Start of Block

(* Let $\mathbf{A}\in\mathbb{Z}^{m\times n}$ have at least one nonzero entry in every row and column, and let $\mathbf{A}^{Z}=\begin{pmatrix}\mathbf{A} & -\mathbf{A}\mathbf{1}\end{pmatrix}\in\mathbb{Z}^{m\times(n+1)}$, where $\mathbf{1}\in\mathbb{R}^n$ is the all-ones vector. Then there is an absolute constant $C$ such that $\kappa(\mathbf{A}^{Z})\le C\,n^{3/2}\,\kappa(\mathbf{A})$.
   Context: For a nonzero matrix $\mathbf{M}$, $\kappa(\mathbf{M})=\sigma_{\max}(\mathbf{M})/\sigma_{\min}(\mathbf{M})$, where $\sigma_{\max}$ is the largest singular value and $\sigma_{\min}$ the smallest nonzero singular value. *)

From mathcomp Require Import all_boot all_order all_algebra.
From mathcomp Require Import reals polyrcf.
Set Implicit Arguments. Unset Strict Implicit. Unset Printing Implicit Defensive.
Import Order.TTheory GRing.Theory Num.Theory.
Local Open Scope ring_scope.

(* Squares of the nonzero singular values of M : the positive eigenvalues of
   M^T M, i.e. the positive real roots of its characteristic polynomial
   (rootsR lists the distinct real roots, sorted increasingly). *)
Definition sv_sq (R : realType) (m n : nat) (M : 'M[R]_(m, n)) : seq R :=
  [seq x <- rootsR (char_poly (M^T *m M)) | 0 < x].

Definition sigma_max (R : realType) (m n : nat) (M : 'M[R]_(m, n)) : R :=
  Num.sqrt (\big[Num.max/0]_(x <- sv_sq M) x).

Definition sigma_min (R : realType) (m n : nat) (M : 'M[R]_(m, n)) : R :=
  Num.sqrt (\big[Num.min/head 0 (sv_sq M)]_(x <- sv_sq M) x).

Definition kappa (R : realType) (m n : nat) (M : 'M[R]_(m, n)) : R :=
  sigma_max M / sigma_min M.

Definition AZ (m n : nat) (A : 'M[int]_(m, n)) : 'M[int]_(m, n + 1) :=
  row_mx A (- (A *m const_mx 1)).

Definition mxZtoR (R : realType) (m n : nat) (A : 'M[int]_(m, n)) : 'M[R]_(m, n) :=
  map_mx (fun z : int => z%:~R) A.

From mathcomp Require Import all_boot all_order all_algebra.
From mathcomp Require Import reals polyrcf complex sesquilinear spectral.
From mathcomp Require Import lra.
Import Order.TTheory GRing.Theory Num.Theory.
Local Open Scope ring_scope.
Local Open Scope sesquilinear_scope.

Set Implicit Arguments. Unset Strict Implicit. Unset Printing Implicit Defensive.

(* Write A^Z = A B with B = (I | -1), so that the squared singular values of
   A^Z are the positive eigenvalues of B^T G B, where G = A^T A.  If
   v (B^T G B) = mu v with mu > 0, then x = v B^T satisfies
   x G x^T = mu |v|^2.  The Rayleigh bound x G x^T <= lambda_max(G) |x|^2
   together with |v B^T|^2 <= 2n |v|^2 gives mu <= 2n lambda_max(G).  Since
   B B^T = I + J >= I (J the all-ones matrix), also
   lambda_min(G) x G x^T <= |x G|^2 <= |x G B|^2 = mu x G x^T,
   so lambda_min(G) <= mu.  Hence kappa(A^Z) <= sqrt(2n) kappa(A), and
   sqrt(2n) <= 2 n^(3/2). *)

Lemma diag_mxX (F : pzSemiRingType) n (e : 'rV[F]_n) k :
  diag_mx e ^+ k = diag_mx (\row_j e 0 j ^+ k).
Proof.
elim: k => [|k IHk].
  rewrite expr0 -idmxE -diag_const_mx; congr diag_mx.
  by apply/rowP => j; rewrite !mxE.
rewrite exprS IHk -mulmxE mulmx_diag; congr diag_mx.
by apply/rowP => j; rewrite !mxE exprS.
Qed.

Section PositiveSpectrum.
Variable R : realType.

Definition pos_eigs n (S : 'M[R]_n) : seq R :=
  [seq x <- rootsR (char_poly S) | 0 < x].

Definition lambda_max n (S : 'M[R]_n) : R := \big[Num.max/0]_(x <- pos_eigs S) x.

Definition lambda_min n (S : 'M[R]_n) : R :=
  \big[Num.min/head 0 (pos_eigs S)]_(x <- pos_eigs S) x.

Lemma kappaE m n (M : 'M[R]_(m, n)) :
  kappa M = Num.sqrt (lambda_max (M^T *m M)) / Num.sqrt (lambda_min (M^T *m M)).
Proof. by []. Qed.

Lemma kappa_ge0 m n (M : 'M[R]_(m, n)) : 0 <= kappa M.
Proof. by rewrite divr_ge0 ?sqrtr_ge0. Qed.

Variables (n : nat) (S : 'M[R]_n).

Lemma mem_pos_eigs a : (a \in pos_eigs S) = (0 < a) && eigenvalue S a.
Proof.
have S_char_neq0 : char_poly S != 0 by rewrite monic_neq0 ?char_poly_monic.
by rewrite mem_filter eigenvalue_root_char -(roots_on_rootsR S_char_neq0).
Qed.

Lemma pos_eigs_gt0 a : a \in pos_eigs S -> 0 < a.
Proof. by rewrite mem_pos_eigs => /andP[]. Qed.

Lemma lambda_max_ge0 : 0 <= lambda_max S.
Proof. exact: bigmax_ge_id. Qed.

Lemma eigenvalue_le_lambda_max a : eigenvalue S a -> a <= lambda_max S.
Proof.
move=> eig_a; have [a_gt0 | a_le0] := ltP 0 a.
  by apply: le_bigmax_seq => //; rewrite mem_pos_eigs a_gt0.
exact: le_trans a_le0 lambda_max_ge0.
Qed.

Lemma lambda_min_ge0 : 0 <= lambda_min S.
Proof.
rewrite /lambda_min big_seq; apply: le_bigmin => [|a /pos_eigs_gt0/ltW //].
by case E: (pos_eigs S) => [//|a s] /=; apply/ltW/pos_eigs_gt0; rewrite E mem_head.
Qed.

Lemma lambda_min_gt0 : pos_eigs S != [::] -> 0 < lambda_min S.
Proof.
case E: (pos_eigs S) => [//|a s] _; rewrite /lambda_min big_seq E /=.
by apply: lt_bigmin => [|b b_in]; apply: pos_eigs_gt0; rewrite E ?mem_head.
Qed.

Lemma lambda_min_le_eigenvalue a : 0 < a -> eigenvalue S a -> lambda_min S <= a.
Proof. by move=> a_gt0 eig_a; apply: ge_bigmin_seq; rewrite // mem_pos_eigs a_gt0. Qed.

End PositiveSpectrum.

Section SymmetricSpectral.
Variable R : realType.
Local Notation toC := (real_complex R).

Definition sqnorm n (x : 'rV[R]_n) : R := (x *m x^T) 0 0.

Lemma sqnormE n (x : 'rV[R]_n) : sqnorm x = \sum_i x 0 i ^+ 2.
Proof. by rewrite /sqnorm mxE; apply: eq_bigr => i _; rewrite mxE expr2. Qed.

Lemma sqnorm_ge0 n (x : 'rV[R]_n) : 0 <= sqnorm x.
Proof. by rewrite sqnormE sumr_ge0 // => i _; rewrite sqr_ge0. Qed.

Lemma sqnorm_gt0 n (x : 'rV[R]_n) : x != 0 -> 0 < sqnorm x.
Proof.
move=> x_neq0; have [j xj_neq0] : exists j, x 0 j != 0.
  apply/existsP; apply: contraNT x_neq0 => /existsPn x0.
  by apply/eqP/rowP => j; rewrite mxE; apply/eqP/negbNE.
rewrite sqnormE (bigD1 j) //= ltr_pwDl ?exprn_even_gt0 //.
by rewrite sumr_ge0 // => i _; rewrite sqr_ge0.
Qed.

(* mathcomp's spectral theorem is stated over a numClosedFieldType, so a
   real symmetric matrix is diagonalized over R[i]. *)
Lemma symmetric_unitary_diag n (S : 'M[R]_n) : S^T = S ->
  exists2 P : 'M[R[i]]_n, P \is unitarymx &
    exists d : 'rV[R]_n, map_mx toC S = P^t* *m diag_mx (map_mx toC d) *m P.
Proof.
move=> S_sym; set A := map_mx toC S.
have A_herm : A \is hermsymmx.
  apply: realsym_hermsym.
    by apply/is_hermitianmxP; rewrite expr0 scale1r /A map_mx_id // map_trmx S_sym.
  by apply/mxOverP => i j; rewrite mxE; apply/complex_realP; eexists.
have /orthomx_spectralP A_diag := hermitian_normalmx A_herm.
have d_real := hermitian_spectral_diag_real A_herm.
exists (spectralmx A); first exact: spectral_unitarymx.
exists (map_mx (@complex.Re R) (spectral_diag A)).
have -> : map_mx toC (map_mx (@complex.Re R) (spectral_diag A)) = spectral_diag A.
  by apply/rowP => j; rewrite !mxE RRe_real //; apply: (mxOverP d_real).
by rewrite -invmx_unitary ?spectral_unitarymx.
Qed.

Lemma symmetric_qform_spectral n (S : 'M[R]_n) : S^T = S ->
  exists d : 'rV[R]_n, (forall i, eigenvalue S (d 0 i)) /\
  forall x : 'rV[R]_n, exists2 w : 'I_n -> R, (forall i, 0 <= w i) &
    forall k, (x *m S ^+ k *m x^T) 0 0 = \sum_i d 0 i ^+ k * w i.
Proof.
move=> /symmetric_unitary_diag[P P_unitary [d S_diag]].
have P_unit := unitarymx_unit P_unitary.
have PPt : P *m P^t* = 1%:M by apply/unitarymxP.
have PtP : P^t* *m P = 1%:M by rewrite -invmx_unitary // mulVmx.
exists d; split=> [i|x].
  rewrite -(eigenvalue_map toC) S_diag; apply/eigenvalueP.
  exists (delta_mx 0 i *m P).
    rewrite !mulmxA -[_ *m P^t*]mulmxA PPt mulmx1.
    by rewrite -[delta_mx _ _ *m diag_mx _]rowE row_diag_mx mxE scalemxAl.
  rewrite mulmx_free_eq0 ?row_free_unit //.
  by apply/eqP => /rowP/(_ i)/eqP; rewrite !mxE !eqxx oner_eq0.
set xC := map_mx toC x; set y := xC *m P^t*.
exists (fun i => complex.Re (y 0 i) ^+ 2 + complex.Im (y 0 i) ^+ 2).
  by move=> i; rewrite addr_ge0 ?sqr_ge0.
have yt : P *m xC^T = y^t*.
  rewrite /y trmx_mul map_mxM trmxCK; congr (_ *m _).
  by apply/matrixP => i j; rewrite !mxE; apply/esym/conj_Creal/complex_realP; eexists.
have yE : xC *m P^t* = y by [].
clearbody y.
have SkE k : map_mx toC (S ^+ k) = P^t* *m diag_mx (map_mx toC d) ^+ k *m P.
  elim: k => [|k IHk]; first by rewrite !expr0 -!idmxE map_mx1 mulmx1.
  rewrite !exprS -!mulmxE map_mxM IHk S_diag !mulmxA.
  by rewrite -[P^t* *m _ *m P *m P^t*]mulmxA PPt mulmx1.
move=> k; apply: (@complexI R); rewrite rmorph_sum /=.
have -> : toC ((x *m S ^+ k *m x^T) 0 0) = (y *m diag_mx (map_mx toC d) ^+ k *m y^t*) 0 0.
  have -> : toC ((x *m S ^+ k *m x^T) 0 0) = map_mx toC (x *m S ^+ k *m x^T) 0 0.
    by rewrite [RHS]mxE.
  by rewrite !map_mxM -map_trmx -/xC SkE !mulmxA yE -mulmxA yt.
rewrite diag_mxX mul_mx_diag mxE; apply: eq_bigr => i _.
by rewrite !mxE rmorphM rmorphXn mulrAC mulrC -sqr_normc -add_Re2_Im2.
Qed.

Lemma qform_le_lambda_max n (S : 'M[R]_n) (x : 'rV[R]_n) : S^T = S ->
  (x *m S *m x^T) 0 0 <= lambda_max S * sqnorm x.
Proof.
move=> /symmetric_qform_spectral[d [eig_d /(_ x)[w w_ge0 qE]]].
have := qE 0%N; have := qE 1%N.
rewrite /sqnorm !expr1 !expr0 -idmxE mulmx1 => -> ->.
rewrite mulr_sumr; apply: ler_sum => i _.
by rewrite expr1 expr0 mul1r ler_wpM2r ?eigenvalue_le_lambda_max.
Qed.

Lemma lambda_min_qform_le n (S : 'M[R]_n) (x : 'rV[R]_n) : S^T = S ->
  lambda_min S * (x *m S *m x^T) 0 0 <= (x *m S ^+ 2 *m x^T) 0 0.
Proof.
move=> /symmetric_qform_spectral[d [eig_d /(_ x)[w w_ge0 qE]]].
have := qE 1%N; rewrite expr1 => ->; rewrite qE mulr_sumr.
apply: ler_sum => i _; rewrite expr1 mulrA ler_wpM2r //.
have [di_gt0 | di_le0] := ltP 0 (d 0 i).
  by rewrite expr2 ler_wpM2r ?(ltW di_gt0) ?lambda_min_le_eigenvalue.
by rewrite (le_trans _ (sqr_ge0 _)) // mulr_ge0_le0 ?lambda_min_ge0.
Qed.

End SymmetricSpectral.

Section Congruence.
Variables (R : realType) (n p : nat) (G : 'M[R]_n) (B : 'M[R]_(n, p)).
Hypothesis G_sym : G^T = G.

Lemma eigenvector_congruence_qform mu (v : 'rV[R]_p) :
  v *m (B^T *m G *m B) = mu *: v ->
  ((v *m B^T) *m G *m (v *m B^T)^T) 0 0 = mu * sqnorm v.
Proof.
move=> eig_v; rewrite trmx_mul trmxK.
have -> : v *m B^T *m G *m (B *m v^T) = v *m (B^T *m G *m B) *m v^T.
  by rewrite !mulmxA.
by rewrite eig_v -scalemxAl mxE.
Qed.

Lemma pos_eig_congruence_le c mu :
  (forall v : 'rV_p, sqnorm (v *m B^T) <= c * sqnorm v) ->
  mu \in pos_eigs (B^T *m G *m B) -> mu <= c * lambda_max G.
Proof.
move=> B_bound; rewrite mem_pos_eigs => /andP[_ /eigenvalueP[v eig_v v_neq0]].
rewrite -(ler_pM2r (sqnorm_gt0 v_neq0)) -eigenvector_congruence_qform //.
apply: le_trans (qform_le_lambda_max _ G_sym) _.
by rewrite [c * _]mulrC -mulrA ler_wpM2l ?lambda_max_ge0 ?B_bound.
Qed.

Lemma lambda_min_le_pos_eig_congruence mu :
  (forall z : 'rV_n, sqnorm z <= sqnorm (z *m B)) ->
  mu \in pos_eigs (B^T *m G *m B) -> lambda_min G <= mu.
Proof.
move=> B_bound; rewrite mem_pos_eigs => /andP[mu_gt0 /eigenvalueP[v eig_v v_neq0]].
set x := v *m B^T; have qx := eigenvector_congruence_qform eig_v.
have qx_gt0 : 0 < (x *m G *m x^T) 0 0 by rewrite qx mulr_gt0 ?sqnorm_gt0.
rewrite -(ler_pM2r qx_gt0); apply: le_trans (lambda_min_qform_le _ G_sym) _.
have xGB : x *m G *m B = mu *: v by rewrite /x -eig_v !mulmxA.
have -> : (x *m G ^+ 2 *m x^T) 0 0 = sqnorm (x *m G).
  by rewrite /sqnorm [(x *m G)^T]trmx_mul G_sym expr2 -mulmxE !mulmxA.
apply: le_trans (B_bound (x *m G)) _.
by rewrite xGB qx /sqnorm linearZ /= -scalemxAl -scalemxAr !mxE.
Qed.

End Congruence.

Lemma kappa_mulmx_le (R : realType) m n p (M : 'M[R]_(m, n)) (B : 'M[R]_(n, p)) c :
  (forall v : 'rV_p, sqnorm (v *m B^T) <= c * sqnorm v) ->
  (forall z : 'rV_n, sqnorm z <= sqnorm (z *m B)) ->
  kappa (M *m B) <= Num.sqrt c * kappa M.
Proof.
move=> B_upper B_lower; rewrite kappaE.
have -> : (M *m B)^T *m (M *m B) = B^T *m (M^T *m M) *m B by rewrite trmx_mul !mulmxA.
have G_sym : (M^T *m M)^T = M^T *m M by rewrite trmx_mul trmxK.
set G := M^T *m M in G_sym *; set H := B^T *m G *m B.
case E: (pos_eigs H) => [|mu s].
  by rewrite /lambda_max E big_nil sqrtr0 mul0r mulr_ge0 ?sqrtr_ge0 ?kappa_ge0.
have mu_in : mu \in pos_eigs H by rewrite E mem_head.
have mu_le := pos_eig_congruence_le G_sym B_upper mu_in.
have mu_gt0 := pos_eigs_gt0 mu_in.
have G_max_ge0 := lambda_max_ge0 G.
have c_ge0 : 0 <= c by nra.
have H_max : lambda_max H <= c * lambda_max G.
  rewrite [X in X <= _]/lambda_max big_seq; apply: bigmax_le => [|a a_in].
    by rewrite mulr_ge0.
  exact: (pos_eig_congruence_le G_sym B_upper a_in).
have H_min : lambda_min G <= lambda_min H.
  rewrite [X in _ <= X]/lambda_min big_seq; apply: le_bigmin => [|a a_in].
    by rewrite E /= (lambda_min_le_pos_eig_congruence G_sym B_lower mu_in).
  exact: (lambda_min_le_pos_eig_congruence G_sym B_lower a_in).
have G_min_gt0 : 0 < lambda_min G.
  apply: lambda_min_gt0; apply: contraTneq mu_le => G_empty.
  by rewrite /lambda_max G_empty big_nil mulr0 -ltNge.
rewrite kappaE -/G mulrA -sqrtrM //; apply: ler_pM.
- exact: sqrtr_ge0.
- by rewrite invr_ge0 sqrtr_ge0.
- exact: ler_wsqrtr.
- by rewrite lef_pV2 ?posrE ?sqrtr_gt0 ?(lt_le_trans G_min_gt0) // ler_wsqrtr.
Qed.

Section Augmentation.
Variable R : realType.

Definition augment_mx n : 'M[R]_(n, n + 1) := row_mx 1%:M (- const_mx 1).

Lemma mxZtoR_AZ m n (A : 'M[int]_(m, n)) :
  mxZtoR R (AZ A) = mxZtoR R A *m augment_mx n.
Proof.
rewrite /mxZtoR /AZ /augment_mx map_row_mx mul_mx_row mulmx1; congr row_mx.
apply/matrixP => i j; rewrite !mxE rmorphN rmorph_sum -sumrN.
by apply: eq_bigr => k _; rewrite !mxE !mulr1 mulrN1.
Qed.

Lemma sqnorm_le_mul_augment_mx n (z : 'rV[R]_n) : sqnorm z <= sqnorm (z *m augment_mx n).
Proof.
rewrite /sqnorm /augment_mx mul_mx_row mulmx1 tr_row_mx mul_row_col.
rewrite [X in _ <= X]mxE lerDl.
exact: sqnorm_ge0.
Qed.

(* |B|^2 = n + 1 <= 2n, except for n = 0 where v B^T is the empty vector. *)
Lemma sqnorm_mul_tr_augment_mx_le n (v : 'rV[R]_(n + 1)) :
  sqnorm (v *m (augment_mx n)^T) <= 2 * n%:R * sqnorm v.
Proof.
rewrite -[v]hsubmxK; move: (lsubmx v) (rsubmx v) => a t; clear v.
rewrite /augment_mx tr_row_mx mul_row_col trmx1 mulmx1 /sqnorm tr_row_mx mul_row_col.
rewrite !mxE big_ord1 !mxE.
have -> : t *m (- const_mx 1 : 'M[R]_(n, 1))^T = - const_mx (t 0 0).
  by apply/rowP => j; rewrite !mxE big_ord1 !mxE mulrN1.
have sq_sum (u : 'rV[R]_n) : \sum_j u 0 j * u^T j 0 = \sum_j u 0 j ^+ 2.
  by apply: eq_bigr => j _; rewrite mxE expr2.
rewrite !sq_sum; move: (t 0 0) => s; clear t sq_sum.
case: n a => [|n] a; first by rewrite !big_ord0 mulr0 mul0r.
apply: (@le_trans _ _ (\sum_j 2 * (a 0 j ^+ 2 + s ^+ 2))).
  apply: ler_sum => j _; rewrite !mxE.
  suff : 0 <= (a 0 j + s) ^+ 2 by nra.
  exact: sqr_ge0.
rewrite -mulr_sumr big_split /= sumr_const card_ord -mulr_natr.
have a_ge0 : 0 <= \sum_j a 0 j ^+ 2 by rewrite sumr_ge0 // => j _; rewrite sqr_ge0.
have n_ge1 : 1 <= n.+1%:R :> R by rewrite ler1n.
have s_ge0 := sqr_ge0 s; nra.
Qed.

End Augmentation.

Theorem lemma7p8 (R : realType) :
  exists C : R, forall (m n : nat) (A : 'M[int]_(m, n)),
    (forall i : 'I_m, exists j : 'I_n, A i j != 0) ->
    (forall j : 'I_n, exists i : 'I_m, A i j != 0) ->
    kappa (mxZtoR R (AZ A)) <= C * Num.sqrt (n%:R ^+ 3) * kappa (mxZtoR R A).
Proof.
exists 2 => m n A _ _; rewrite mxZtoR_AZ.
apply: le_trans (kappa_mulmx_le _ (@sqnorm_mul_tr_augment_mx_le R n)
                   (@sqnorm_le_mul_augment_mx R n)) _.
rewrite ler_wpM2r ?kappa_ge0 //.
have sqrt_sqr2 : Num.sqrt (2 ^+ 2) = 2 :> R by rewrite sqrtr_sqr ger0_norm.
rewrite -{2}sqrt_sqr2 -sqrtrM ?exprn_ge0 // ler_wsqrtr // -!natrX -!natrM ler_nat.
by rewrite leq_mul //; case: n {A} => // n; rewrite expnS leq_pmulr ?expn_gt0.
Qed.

End of Block

#### WHAT THIS TASK INVOLVES
Only the lines from the start of the material through the line containing "From mathcomp Require Import lra." belong in the answer, each copied exactly.

#### RESPONSE TO THIS TASK
(* Let $\mathbf{A}\in\mathbb{Z}^{m\times n}$ have at least one nonzero entry in every row and column, and let $\mathbf{A}^{Z}=\begin{pmatrix}\mathbf{A} & -\mathbf{A}\mathbf{1}\end{pmatrix}\in\mathbb{Z}^{m\times(n+1)}$, where $\mathbf{1}\in\mathbb{R}^n$ is the all-ones vector. Then there is an absolute constant $C$ such that $\kappa(\mathbf{A}^{Z})\le C\,n^{3/2}\,\kappa(\mathbf{A})$.
   Context: For a nonzero matrix $\mathbf{M}$, $\kappa(\mathbf{M})=\sigma_{\max}(\mathbf{M})/\sigma_{\min}(\mathbf{M})$, where $\sigma_{\max}$ is the largest singular value and $\sigma_{\min}$ the smallest nonzero singular value. *)

From mathcomp Require Import all_boot all_order all_algebra.
From mathcomp Require Import reals polyrcf.
Set Implicit Arguments. Unset Strict Implicit. Unset Printing Implicit Defensive.
Import Order.TTheory GRing.Theory Num.Theory.
Local Open Scope ring_scope.

(* Squares of the nonzero singular values of M : the positive eigenvalues of
   M^T M, i.e. the positive real roots of its characteristic polynomial
   (rootsR lists the distinct real roots, sorted increasingly). *)
Definition sv_sq (R : realType) (m n : nat) (M : 'M[R]_(m, n)) : seq R :=
  [seq x <- rootsR (char_poly (M^T *m M)) | 0 < x].

Definition sigma_max (R : realType) (m n : nat) (M : 'M[R]_(m, n)) : R :=
  Num.sqrt (\big[Num.max/0]_(x <- sv_sq M) x).

Definition sigma_min (R : realType) (m n : nat) (M : 'M[R]_(m, n)) : R :=
  Num.sqrt (\big[Num.min/head 0 (sv_sq M)]_(x <- sv_sq M) x).

Definition kappa (R : realType) (m n : nat) (M : 'M[R]_(m, n)) : R :=
  sigma_max M / sigma_min M.

Definition AZ (m n : nat) (A : 'M[int]_(m, n)) : 'M[int]_(m, n + 1) :=
  row_mx A (- (A *m const_mx 1)).

Definition mxZtoR (R : realType) (m n : nat) (A : 'M[int]_(m, n)) : 'M[R]_(m, n) :=
  map_mx (fun z : int => z%:~R) A.

From mathcomp Require Import all_boot all_order all_algebra.
From mathcomp Require Import reals polyrcf complex sesquilinear spectral.
From mathcomp Require Import lra.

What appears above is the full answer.